Dade looked away and ran a hand through his hair. From the way it stood, he’d been doing it for hours … but he’d not known of Callie’s condition until just a moment ago.

Attie … Callie had told him that Attie was an eccentric, fierce child, able beyond her years, a tremendous handful. Of course, the words Callie used were “brilliant” and “creative,” but Ren was learning to decipher the Worthington native tongue.

Ren had only seen the girl once, at the ball the night before. She’d glared at him from across the room, intent upon him like a predator on its prey. He’d laughed off the hunted feeling she’d given him, but now—

He swore. “I knew that musket ball was meant for me.”

 

Chapter 34

Attie crept into a small stone hut she found in the middle of a great pasture. It was nothing but four walls and a roof, with rough holes in the walls for ventilation. It smelled of sheep.

There were a few piles of moldy straw on the floor. Attie gathered them into one and snuggled down into it. She wanted a fire, and she knew how to make one with nothing but a willow bow and a shoelace—Lysander had taught her how the soldiers did it when they had no flint and steel—but even if she could hide the light, the smoke would be visible. That was the last thing Attie wanted to be … visible.

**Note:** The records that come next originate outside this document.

Lemma xorsAC s t u : xors (xors s t) u = xors (xors s u) t.
Proof.
apply: (@eq_from_nth _ false); first by rewrite !size_xors; lia.
move=> j; rewrite !size_xors !leq_min => /andP[/andP[js jt] ju].
by rewrite !nth_xors ?size_xors ?leq_min ?js ?jt ?ju // addbAC.
Qed.

Definition zero_on (ps : seq nat) (s : seq bool) : bool :=
  all (fun j => ~~ nth false s j) ps.

Lemma take_xors_zero_on v s t : size s = size t -> zero_on (iota 0 v) t ->
  take v (xors s t) = take v s.
Proof.
move=> hst /allP ht; apply: (@eq_from_nth _ false).
  by rewrite !size_take_min size_xors hst minnn.
move=> j; rewrite size_take_min size_xors hst minnn => hj.
rewrite !nth_take ?nth_xors; try lia; last by rewrite size_xors hst; lia.
by rewrite (negbTE (ht j _)) ?addbF // mem_iota; lia.
Qed.

Section Coordinates.
Variables (F : finFieldType) (k : nat) (e : k.-tuple F).
Hypothesis e_basis : is_basisF2 e.

Lemma size_coords x : size (coords e x) = k.
Proof. by rewrite /coords; case: pickP => [c _|_]; rewrite ?size_tuple ?size_nseq. Qed.

Lemma coordsK x : toF e (coords e x) = x.
Proof.
rewrite /coords; case: pickP => [c /eqP //|none].
have [c [hc _]] := e_basis x.
by have := none c; rewrite hc eqxx.
Qed.

Lemma toF_inj s t : size s = k -> size t = k -> toF e s = toF e t -> s = t.
Proof.
move=> /eqP hs /eqP ht st.
have [c [_ c_uniq]] := e_basis (toF e s).
have cs : c = Tuple hs by exact: c_uniq.
have ct : c = Tuple ht by apply: c_uniq; rewrite /= st.
by have := congr1 val (etrans (esym cs) ct).
Qed.

Lemma toFK s : size s = k -> coords e (toF e s) = s.
Proof. by move=> hs; apply: toF_inj; rewrite ?size_coords ?coordsK. Qed.

Lemma toF_xors s t : 2 \in [pchar F] -> (k <= size s)%N -> (k <= size t)%N ->
  toF e (xors s t) = toF e s + toF e t.
Proof.
move=> F2 hs ht; rewrite /toF -big_split; apply: eq_bigr => j _ /=.
rewrite nth_xors ?size_xors; last by rewrite leq_min (leq_trans _ hs) ?(leq_trans _ ht).
by case: nth; case: nth; rewrite /= ?addr0 ?add0r // (addrr_pchar2 F2).
Qed.

Lemma coordsD x y : 2 \in [pchar F] ->
  coords e (x + y) = xors (coords e x) (coords e y).
Proof.
move=> F2; apply: toF_inj; rewrite ?size_coords ?size_xors ?size_coords ?minnn //.
by rewrite toF_xors ?size_coords ?coordsK.
Qed.
End Coordinates.

Section PowerBasis.
Variables (F : finFieldType) (k : nat).
Hypothesis hF : #|F| = (2 ^ k)%N.
Variable g : F.
Hypothesis g_gen : forall x, x != 0 -> exists j, x = g ^+ j.

Let F2 : 2 \in [pchar F] := card_finPcharP hF (isT : prime 2).

Definition powsum (D : nat) (s : nat -> bool) : F :=
  \sum_(0 <= j < D) (if s j then g ^+ j else 0).

Lemma eq_powsum D s t : {in gtn D, s =1 t} -> powsum D s = powsum D t.
Proof. by move=> st; apply: eq_big_nat => j /andP[_ hj]; rewrite st. Qed.

Lemma powsumD D s t : powsum D s + powsum D t = powsum D (fun j => s j (+) t j).
Proof.
rewrite -big_split; apply: eq_bigr => j _.
by case: (s j); case: (t j); rewrite /= ?addr0 ?add0r // (addrr_pchar2 F2).
Qed.

Lemma powsum_recr D s : powsum D.+1 s = powsum D s + (if s D then g ^+ D else 0).
Proof. by rewrite /powsum big_nat_recr. Qed.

The spring evening was damp and the shed stank. It was only what she deserved.

Callie is dead.

Maybe she could live here, in this hut. She could kill a sheep when she got hungry. She could even make it look like wolves, so no one would know there was a person living here.

She imagined herself butchering a sheep and shuddered. Red blood on green grass. Tears cut clean paths through the dirt on her cheeks, but she refused to sob. She didn’t deserve to cry out her guilt and fear, then to fall into the deep childish sleep of relief.

Callie is dead.

She would sit here, in the cold and stink, and know that her family would never forgive her, just as she could never forgive herself.

She only wished she hadn’t thought about wolves.

*   *   *

Ren leaned forward in his saddle and contemplated the small patch of hillside he could see by the light of his lantern.